* Problem to solve
Nothing but the lines below between the line holding "between the softmax" and the line holding "have f_ndecr : f 1 <= f x.", inclusive, should appear in the answer, each set down exactly.
[Available data — start]
(* Let $n\ge1$, $m\ge2$, $\alpha\in(0,1)$, $\bar g_a>0$, and let $W$ be a real $mn\times mn$ matrix satisfying (S), (A1), (A2), (A3) from the context, with largest eigenvalue $\mu_{\max}(W)$. If $\bar g_a>\alpha(\mu_{\max}(W)-2)$, then $(\bar s,\bar a)=(0,0)$ is the unique equilibrium of the system $$\dot{\bar s}=W\bar f(\bar s)-\bar s-\bar a,\qquad \dot{\bar a}=\bar g_a\bar f(\bar s)-\alpha\bar a,\qquad (\bar s,\bar a)\in\mathbb{R}^{mn}\times\mathbb{R}^{mn}.$$
   Context: For $s\in\mathbb{R}^{mn}$ write $s=(s_{11},\dots,s_{1m},\dots,s_{n1},\dots,s_{nm})^T$. Define $f_{ij}(s)=e^{s_{ij}}/\sum_{l=1}^m e^{s_{il}}$ and $\bar f(s)=f(s)-\frac1m\mathbf 1_{mn}$, where $\mathbf 1_k$ is the all-ones vector in $\mathbb{R}^k$. The matrix $W$ is viewed as an $n\times n$ array of $m\times m$ blocks $W_{i,k}$, and: (S) $W_{i,i}=0$; (A1) $W$ is symmetric; (A2) $W_{i,k}\mathbf 1_m=\lambda_{ik}\mathbf 1_m$ for scalars $\lambda_{ik}$; (A3) $\lambda_{ik}=\lambda_{ki}$. *)

From mathcomp Require Import all_boot all_order all_algebra.
From mathcomp Require Import reals.
From mathcomp Require Import sequences exp.
Set Implicit Arguments. Unset Strict Implicit. Unset Printing Implicit Defensive.
Import Order.TTheory GRing.Theory Num.Theory.
Local Open Scope ring_scope.

(* Vectors of R^{mn} are column vectors 'cV_(n*m); the entry s_{ij}
   (i : 'I_n the block, j : 'I_m inside the block) sits at index
   bidx i j = mxvec_index i j, i.e. position i*m + j, matching the ordering
   s = (s_11,...,s_1m,...,s_n1,...,s_nm). *)
Definition bidx (n m : nat) (i : 'I_n) (j : 'I_m) : 'I_(n * m) := mxvec_index i j.

Definition softmax (R : realType) (n m : nat) (s : 'cV[R]_(n * m)) : 'cV[R]_(n * m) :=
  \col_k (let M := \matrix_(i < n, j < m) s (bidx i j) 0 in
          (mxvec (\matrix_(i < n, j < m)
                    (expR (M i j) / \sum_(l < m) expR (M i l)))) 0 k).

Definition fbar (R : realType) (n m : nat) (s : 'cV[R]_(n * m)) : 'cV[R]_(n * m) :=
  softmax s - const_mx (m%:R^-1).

Definition is_equilibrium (R : realType) (n m : nat) (W : 'M[R]_(n * m))
    (ga alpha : R) (s a : 'cV[R]_(n * m)) : Prop :=
  W *m fbar s - s - a = 0 /\ ga *: fbar s - alpha *: a = 0.

Definition is_largest_eigenvalue (R : realType) (k : nat) (W : 'M[R]_k) (mu : R) : Prop :=
  eigenvalue W mu /\ forall a : R, eigenvalue W a -> a <= mu.

From mathcomp Require Import all_boot all_order all_algebra.
From mathcomp Require Import reals normedtype sequences exp derive realfun.
From mathcomp Require Import complex spectral sesquilinear.
From mathcomp Require Import ring lra.
Set Implicit Arguments.
Unset Strict Implicit.
Unset Printing Implicit Defensive.
Import Order.TTheory GRing.Theory Num.Theory.
Local Open Scope ring_scope.

(** At an equilibrium, [a = (ga / alpha) fbar s] and, writing [g = fbar s],
    [s = W g - (ga / alpha) g].  Blockwise, the softmax satisfies
    [<g, s> >= 2 |g|^2]: on each block, [<g, s>] is the Jeffreys divergence
    between the softmax distribution and the uniform one, which dominates
    twice the squared Euclidean distance by the inequality between the
    logarithmic and arithmetic means and Cauchy-Schwarz.  For symmetric [W] the Rayleigh bound
    [<g, W g> <= mu |g|^2] then gives [2 |g|^2 <= (mu - ga / alpha) |g|^2],
    and [ga / alpha > mu - 2] forces [g = 0], hence [s = a = 0]. *)

Section SoftmaxInequality.
Variable R : realType.
Import numFieldNormedType.Exports.

Lemma ln_ge_pade (x : R) : 1 <= x -> 2 * (x - 1) / (x + 1) <= ln x.
Proof.
move=> x_ge1.
pose f (t : R) := ln t + 4 * (t + 1)^-1.
have df (t : R) : 0 < t -> is_derive t 1 f (t^-1 - 4 * (t + 1) ^- 2).
  move=> t_gt0; apply: is_derive_eq.
    apply: is_deriveD; first exact: is_derive1_ln.
    by apply: is_deriveZ; apply: is_deriveV; rewrite gt_eqF ?addr_gt0.
  by rewrite /GRing.scale /= addr0 mulr1 mulrN.
have f_ndecr : f 1 <= f x.
  apply: (@ger0_derive1_ndecr _ f 1 x) => //.
  - move=> t; rewrite in_itv /= => /andP[t_gt1 _].
    by have ? := df t (lt_trans ltr01 t_gt1); exact: ex_derive.
  - move=> t; rewrite in_itv /= => /andP[t_gt1 _].
    have t_gt0 : 0 < t by exact: lt_trans ltr01 t_gt1.
    have ? := df t t_gt0; rewrite derive1E derive_val.
    have -> : t^-1 - 4 * (t + 1) ^- 2 = (t - 1) ^+ 2 / (t * (t + 1) ^+ 2).
      by field; rewrite !gt_eqF ?addr_gt0.
    by rewrite divr_ge0 ?sqr_ge0 // mulr_ge0 ?sqr_ge0 // ltW.
  - apply: derivable_within_continuous => t; rewrite in_itv /= => /andP[t_ge1 _].
    by have ? := df t (lt_le_trans ltr01 t_ge1); exact: ex_derive.
move: f_ndecr; rewrite /f ln1 add0r.
have -> : 4 / (1 + 1) = 2 :> R by field.
have x_gt0 : 0 < x by exact: lt_le_trans ltr01 x_ge1.
have -> : 2 * (x - 1) / (x + 1) = 2 - 4 / (x + 1).
  by field; rewrite gt_eqF ?addr_gt0.
lra.
Qed.

Lemma lnB_mul_ge (a b : R) : 0 < a -> 0 < b ->
  2 * (a - b) ^+ 2 / (a + b) <= (a - b) * (ln a - ln b).
Proof.
wlog b_le_a : a b / b <= a => [hwlog a_gt0 b_gt0 | a_gt0 b_gt0].
  have [b_le_a | a_lt_b] := leP b a; first exact: hwlog.
  have := hwlog b a (ltW a_lt_b) b_gt0 a_gt0.
  by rewrite [b + a]addrC -[b - a]opprB -[ln b - ln a]opprB sqrrN mulrNN.
have ab_ge1 : 1 <= a / b by rewrite ler_pdivlMr // mul1r.
have a_sub_b_ge0 : 0 <= a - b by rewrite subr_ge0.
have := ler_wpM2l a_sub_b_ge0 (ln_ge_pade ab_ge1); rewrite ln_div ?posrE //.
have -> : 2 * (a / b - 1) / (a / b + 1) = 2 * (a - b) / (a + b).
  by field; rewrite !gt_eqF ?addr_gt0.
by rewrite mulrA mulrCA -expr2 mulrA.
Qed.

Lemma sum_sqr_le_sqr_sum_norm (I : finType) (d : I -> R) : \sum_i d i = 0 ->
  2 * \sum_i d i ^+ 2 <= (\sum_i `|d i|) ^+ 2.
Proof.
move=> sum_d0; set A : R := \sum_i `|d i|.
have d_le i : `|d i| <= A / 2.
  have : `|\sum_(l | l != i) d l| <= \sum_(l | l != i) `|d l| by apply: ler_norm_sum.
  move: sum_d0; rewrite /A (bigD1 i) //= (bigD1 i (P := predT)) //= => sum_d0.
  rewrite (_ : \sum_(l | l != i) d l = - d i) ?normrN; lra.
have : \sum_i d i ^+ 2 <= \sum_i `|d i| * (A / 2).
  apply: ler_sum => i _.
  by rewrite -real_normK ?num_real // expr2 ler_wpM2l.
rewrite -mulr_suml -/A (_ : A ^+ 2 = 2 * (A * (A / 2))); first lra.
by field.
Qed.

Lemma sqr_sum_norm_le (I : finType) (d q : I -> R) : (forall i, 0 < q i) ->
  (\sum_i `|d i|) ^+ 2 <= (\sum_i q i) * \sum_i d i ^+ 2 / q i.
Proof.
move=> q_gt0; set A : R := \sum_i `|d i|; set S := \sum_i q i.
have [S_gt0 | S_le0] := ltP 0 S; last first.
  (* [S = 0] forces the index type to be empty *)
  have S0 : S = 0 by apply/le_anti; rewrite S_le0 sumr_ge0 // => i _; exact: ltW.
  rewrite /A big1 ?expr0n ?S0 ?mul0r // => i _.
  by have := q_gt0 i; rewrite (psumr_eq0P (fun i _ => ltW (q_gt0 i)) S0) ?ltxx.
(* completing the square in [|d i| / sqrt (q i)] against [A / S * sqrt (q i)] *)
have term_ge i : 2 * (A / S) * `|d i| - (A / S) ^+ 2 * q i <= d i ^+ 2 / q i.
  rewrite -subr_ge0 (_ : _ - _ = (`|d i| - A / S * q i) ^+ 2 / q i).
    by rewrite divr_ge0 ?sqr_ge0 ?ltW.
  by rewrite -real_normK ?num_real //; field; rewrite !gt_eqF.
have : \sum_i (2 * (A / S) * `|d i| - (A / S) ^+ 2 * q i) <= \sum_i d i ^+ 2 / q i.
  by apply: ler_sum => i _; exact: term_ge.
rewrite sumrB -!mulr_sumr -/A -/S.
have -> : 2 * (A / S) * A - (A / S) ^+ 2 * S = A ^+ 2 / S by field; rewrite gt_eqF.
by rewrite ler_pdivrMr // mulrC.
Qed.

Lemma jeffreys_ge (I : finType) (p q : I -> R) :
  (forall i, 0 < p i) -> (forall i, 0 < q i) -> \sum_i p i = 1 -> \sum_i q i = 1 ->
  2 * \sum_i (p i - q i) ^+ 2 <= \sum_i (p i - q i) * (ln (p i) - ln (q i)).
Proof.
move=> p_gt0 q_gt0 sum_p sum_q.
have pq_gt0 i : 0 < p i + q i by rewrite addr_gt0.
apply: le_trans (sum_sqr_le_sqr_sum_norm _) _; first by rewrite sumrB sum_p sum_q subrr.
apply: le_trans (sqr_sum_norm_le _ pq_gt0) _.
rewrite big_split /= sum_p sum_q mulr_sumr; apply: ler_sum => i _.
by rewrite mulrA; exact: lnB_mul_ge.
Qed.

Lemma softmax_sub_uniform_ge m (x : 'I_m -> R) :
  2 * \sum_j (expR (x j) / \sum_l expR (x l) - m%:R^-1) ^+ 2 <=
  \sum_j (expR (x j) / \sum_l expR (x l) - m%:R^-1) * x j.
Proof.
case: m x => [x | m x]; first by rewrite !big_ord0 mulr0.
set Z := \sum_l expR (x l); set u : R := m.+1%:R^-1.
have Z_gt0 : 0 < Z.
  rewrite /Z (bigD1 ord0) //= ltr_pwDl ?expR_gt0 ?sumr_ge0 // => l _.
  exact/ltW/expR_gt0.
have sum_u : \sum_(j < m.+1) u = 1.
  by rewrite sumr_const card_ord -mulr_natl mulfV ?pnatr_eq0.
have sum_p : \sum_j expR (x j) / Z = 1 by rewrite -mulr_suml mulfV ?gt_eqF.
have ln_p j : ln (expR (x j) / Z) = x j - ln Z.
  by rewrite ln_div ?posrE ?expR_gt0 // expRK.
have <- : \sum_j (expR (x j) / Z - u) * (ln (expR (x j) / Z) - ln u) =
          \sum_j (expR (x j) / Z - u) * x j.
  under eq_bigr do rewrite ln_p -addrA mulrDr.
  by rewrite big_split /= -mulr_suml sumrB sum_p sum_u subrr mul0r addr0.
apply: jeffreys_ge => // [j|]; first by rewrite divr_gt0 ?expR_gt0.
by rewrite invr_gt0 ltr0n.
Qed.
End SoftmaxInequality.

Section Rayleigh.
Local Open Scope sesquilinear_scope.

Lemma spectral_diag_eigenvalue (C : numClosedFieldType) k (A : 'M[C]_k) j :
  A \is normalmx -> eigenvalue A (spectral_diag A 0 j).
Proof.
move=> /orthomx_spectralP A_eq; set P := spectralmx A.
have P_unit : P \in unitmx by exact: spectral_unit.
apply/eigenvalueP; exists (row j P).
  rewrite -row_mul {1}A_eq !mulmxA mulmxV // mul1mx row_mul row_diag_mx.
  by rewrite -scalemxAl -rowE.
apply/eqP => Pj0.
have /matrixP/(_ 0 j) := mulmxK P_unit (delta_mx 0 j : 'rV_k).
by rewrite -rowE Pj0 mul0mx !mxE !eqxx => /eqP; rewrite eq_sym oner_eq0.
Qed.

Lemma hermitian_rayleigh_le (C : numClosedFieldType) k (A : 'M[C]_k) (mu : C) :
  A \is hermsymmx -> (forall a, a \is Num.real -> eigenvalue A a -> a <= mu) ->
  forall z : 'rV[C]_k, (z *m A *m z^t*) 0 0 <= mu * (z *m z^t*) 0 0.
Proof.
move=> A_herm A_le_mu z.
have /orthomx_spectralP A_eq := hermitian_normalmx A_herm.
set P := spectralmx A in A_eq; set d := spectral_diag A in A_eq.
have P_unitary : P \is unitarymx by exact: spectral_unitarymx.
have d_le_mu j : d 0 j <= mu.
  apply: A_le_mu; first exact: mxOverP (hermitian_spectral_diag_real A_herm) 0 j.
  exact/spectral_diag_eigenvalue/hermitian_normalmx.
set y := z *m P^t*.
have zz_y : z *m z^t* = y *m y^t*.
  by rewrite trmx_mul map_mxM trmxCK mulmxA mulmxKtV.
have zAz_y : z *m A *m z^t* = y *m diag_mx d *m y^t*.
  by rewrite {1}A_eq invmx_unitary // trmx_mul map_mxM trmxCK !mulmxA.
rewrite zz_y zAz_y mul_mx_diag !mxE mulr_sumr; apply: ler_sum => j _.
rewrite !mxE mulrAC [X in _ <= X]mulrC.
by apply: ler_wpM2l; [exact: mul_conjC_ge0 | exact: d_le_mu].
Qed.

Lemma symmetric_rayleigh_le (R : rcfType) k (W : 'M[R]_k) (mu : R) : W^T = W ->
  (forall a, eigenvalue W a -> a <= mu) ->
  forall x : 'cV[R]_k, (x^T *m W *m x) 0 0 <= mu * (x^T *m x) 0 0.
Proof.
move=> W_sym W_le_mu x.
pose toC := real_complex R.
have toC_real r : toC r \is Num.real by rewrite complex_real.
have W_herm : map_mx toC W \is hermsymmx.
  apply: realsym_hermsym; last by apply/mxOverP => i j; rewrite mxE.
  by apply/is_hermitianmxP; rewrite expr0 scale1r map_mx_id // map_trmx W_sym.
have W_le_muC a : a \is Num.real -> eigenvalue (map_mx toC W) a -> a <= toC mu.
  by move=> /RRe_real <-; rewrite eigenvalue_map lecR; exact: W_le_mu.
have xC_adj : (map_mx toC x^T)^t* = map_mx toC x.
  by apply/matrixP => i j; rewrite !mxE conj_Creal.
have := hermitian_rayleigh_le W_herm W_le_muC (map_mx toC x^T).
by rewrite xC_adj -!map_mxM !mxE -rmorphM lecR.
Qed.
End Rayleigh.

Lemma dot_colE (R : pzSemiRingType) k (u v : 'cV[R]_k) :
  (u^T *m v) 0 0 = \sum_i u i 0 * v i 0.
Proof. by rewrite mxE; apply: eq_bigr => i _; rewrite mxE. Qed.

Lemma dot_col_self_ge0 (R : realDomainType) k (g : 'cV[R]_k) : 0 <= (g^T *m g) 0 0.
Proof. by rewrite dot_colE sumr_ge0 // => i _; rewrite -expr2 sqr_ge0. Qed.

Lemma dot_col_self_eq0 (R : realDomainType) k (g : 'cV[R]_k) :
  (g^T *m g) 0 0 = 0 -> g = 0.
Proof.
rewrite dot_colE => /psumr_eq0P g2_eq0.
apply/matrixP => i j; rewrite ord1 mxE; apply/eqP.
by rewrite -sqrf_eq0 expr2 g2_eq0 // => l _; rewrite -expr2 sqr_ge0.
Qed.

Lemma rayleigh_shift_eq0 (R : rcfType) k (W : 'M[R]_k) (mu c : R)
    (g : 'cV[R]_k) :
  W^T = W -> (forall a, eigenvalue W a -> a <= mu) -> mu - 2 < c ->
  2 * (g^T *m g) 0 0 <= (g^T *m (W *m g - c *: g)) 0 0 -> g = 0.
Proof.
move=> W_sym W_le_mu c_gt.
have -> : (g^T *m (W *m g - c *: g)) 0 0 = (g^T *m W *m g) 0 0 - c * (g^T *m g) 0 0.
  by rewrite mulmxBr -scalemxAr mulmxA [LHS]mxE [X in _ + X]mxE [X in - X]mxE.
have := symmetric_rayleigh_le W_sym W_le_mu g; have := dot_col_self_ge0 g.
set Q : R := (g^T *m g) 0 0 => Q_ge0 rayleigh g_ge.
by apply: dot_col_self_eq0; apply/le_anti; rewrite -/Q Q_ge0 andbT; nra.
Qed.

Section BlockSoftmax.
Variables (R : realType) (n m : nat).

Lemma sum_bidx (F : 'I_(n * m) -> R) : \sum_k F k = \sum_i \sum_j F (bidx i j).
Proof.
rewrite (reindex (fun p : 'I_n * 'I_m => mxvec_index p.1 p.2)) /=; last first.
  have [g h1 h2] := curry_mxvec_bij n m; exists g => [[i j]|k] _ /=.
    exact: (h1 (i, j)).
  by have := h2 k; case: (g k) => i j /= ->.
by rewrite pair_big.
Qed.

Lemma fbarE (s : 'cV[R]_(n * m)) i j :
  fbar s (bidx i j) 0 =
  expR (s (bidx i j) 0) / \sum_l expR (s (bidx i l) 0) - m%:R^-1.
Proof.
rewrite /fbar /softmax !mxE /bidx mxvecE !mxE.
by under eq_bigr do rewrite mxE.
Qed.

Lemma fbar0 : fbar (0 : 'cV[R]_(n * m)) = 0.
Proof.
apply/matrixP => k l; rewrite ord1 {l}; case/mxvec_indexP: k => i j.
rewrite -/(bidx i j) fbarE !mxE expR0.
under eq_bigr do rewrite mxE expR0.
by rewrite sumr_const card_ord div1r subrr.
Qed.

Lemma fbar_dot_ge (s : 'cV[R]_(n * m)) :
  2 * ((fbar s)^T *m fbar s) 0 0 <= ((fbar s)^T *m s) 0 0.
Proof.
rewrite !dot_colE !sum_bidx mulr_sumr; apply: ler_sum => i _.
under eq_bigr do rewrite fbarE.
under [X in _ <= X]eq_bigr do rewrite fbarE.
exact: softmax_sub_uniform_ge (fun j => s (bidx i j) 0).
Qed.
End BlockSoftmax.

Theorem proposition1 (R : realType) (n m : nat) (W : 'M[R]_(n * m))
    (lam : 'I_n -> 'I_n -> R) (alpha ga mu : R) :
  (0 < n)%N -> (1 < m)%N ->
  0 < alpha < 1 -> 0 < ga ->
  (* (S) diagonal blocks vanish *)
  (forall (i : 'I_n) (j l : 'I_m), W (bidx i j) (bidx i l) = 0) ->
  (* (A1) symmetry *)
  W^T = W ->
  (* (A2) W_{i,k} 1_m = lam i k 1_m *)
  (forall (i k : 'I_n) (j : 'I_m), \sum_(l < m) W (bidx i j) (bidx k l) = lam i k) ->
  (* (A3) *)
  (forall i k : 'I_n, lam i k = lam k i) ->
  is_largest_eigenvalue W mu ->
  ga > alpha * (mu - 2) ->
  forall s a : 'cV[R]_(n * m),
    is_equilibrium W ga alpha s a <-> (s = 0 /\ a = 0).
Proof.
move=> _ _ /andP[alpha_gt0 _] _ _ W_sym _ _ [_ W_le_mu] ga_gt s a.
split=> [[Es Ea] | [-> ->]]; last first.
  by rewrite /is_equilibrium fbar0 mulmx0 !scaler0 !subr0.
set c := ga / alpha.
have aE : a = c *: fbar s.
  apply: (scalerI (lt0r_neq0 alpha_gt0)).
  move/eqP: Ea; rewrite subr_eq0 => /eqP <-.
  by rewrite scalerA mulrCA divff ?mulr1 ?gt_eqF.
have sE : s = W *m fbar s - c *: fbar s.
  by rewrite -aE; move/eqP: Es; rewrite -addrA -opprD subr_eq0 => /eqP ->; rewrite addrK.
have c_gt : mu - 2 < c by rewrite /c ltr_pdivlMr // mulrC.
have fbar_s0 : fbar s = 0.
  apply: (rayleigh_shift_eq0 W_sym W_le_mu c_gt).
  by rewrite -sE; exact: fbar_dot_ge.
by rewrite sE aE fbar_s0 mulmx0 scaler0 subr0.
Qed.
[Available data — finish]
* Finished exercise
    between the softmax distribution and the uniform one, which dominates
    twice the squared Euclidean distance by the inequality between the
    logarithmic and arithmetic means and Cauchy-Schwarz.  For symmetric [W] the Rayleigh bound
    [<g, W g> <= mu |g|^2] then gives [2 |g|^2 <= (mu - ga / alpha) |g|^2],
    and [ga / alpha > mu - 2] forces [g = 0], hence [s = a = 0]. *)

Section SoftmaxInequality.
Variable R : realType.
Import numFieldNormedType.Exports.

Lemma ln_ge_pade (x : R) : 1 <= x -> 2 * (x - 1) / (x + 1) <= ln x.
Proof.
move=> x_ge1.
pose f (t : R) := ln t + 4 * (t + 1)^-1.
have df (t : R) : 0 < t -> is_derive t 1 f (t^-1 - 4 * (t + 1) ^- 2).
  move=> t_gt0; apply: is_derive_eq.
    apply: is_deriveD; first exact: is_derive1_ln.
    by apply: is_deriveZ; apply: is_deriveV; rewrite gt_eqF ?addr_gt0.
  by rewrite /GRing.scale /= addr0 mulr1 mulrN.
have f_ndecr : f 1 <= f x.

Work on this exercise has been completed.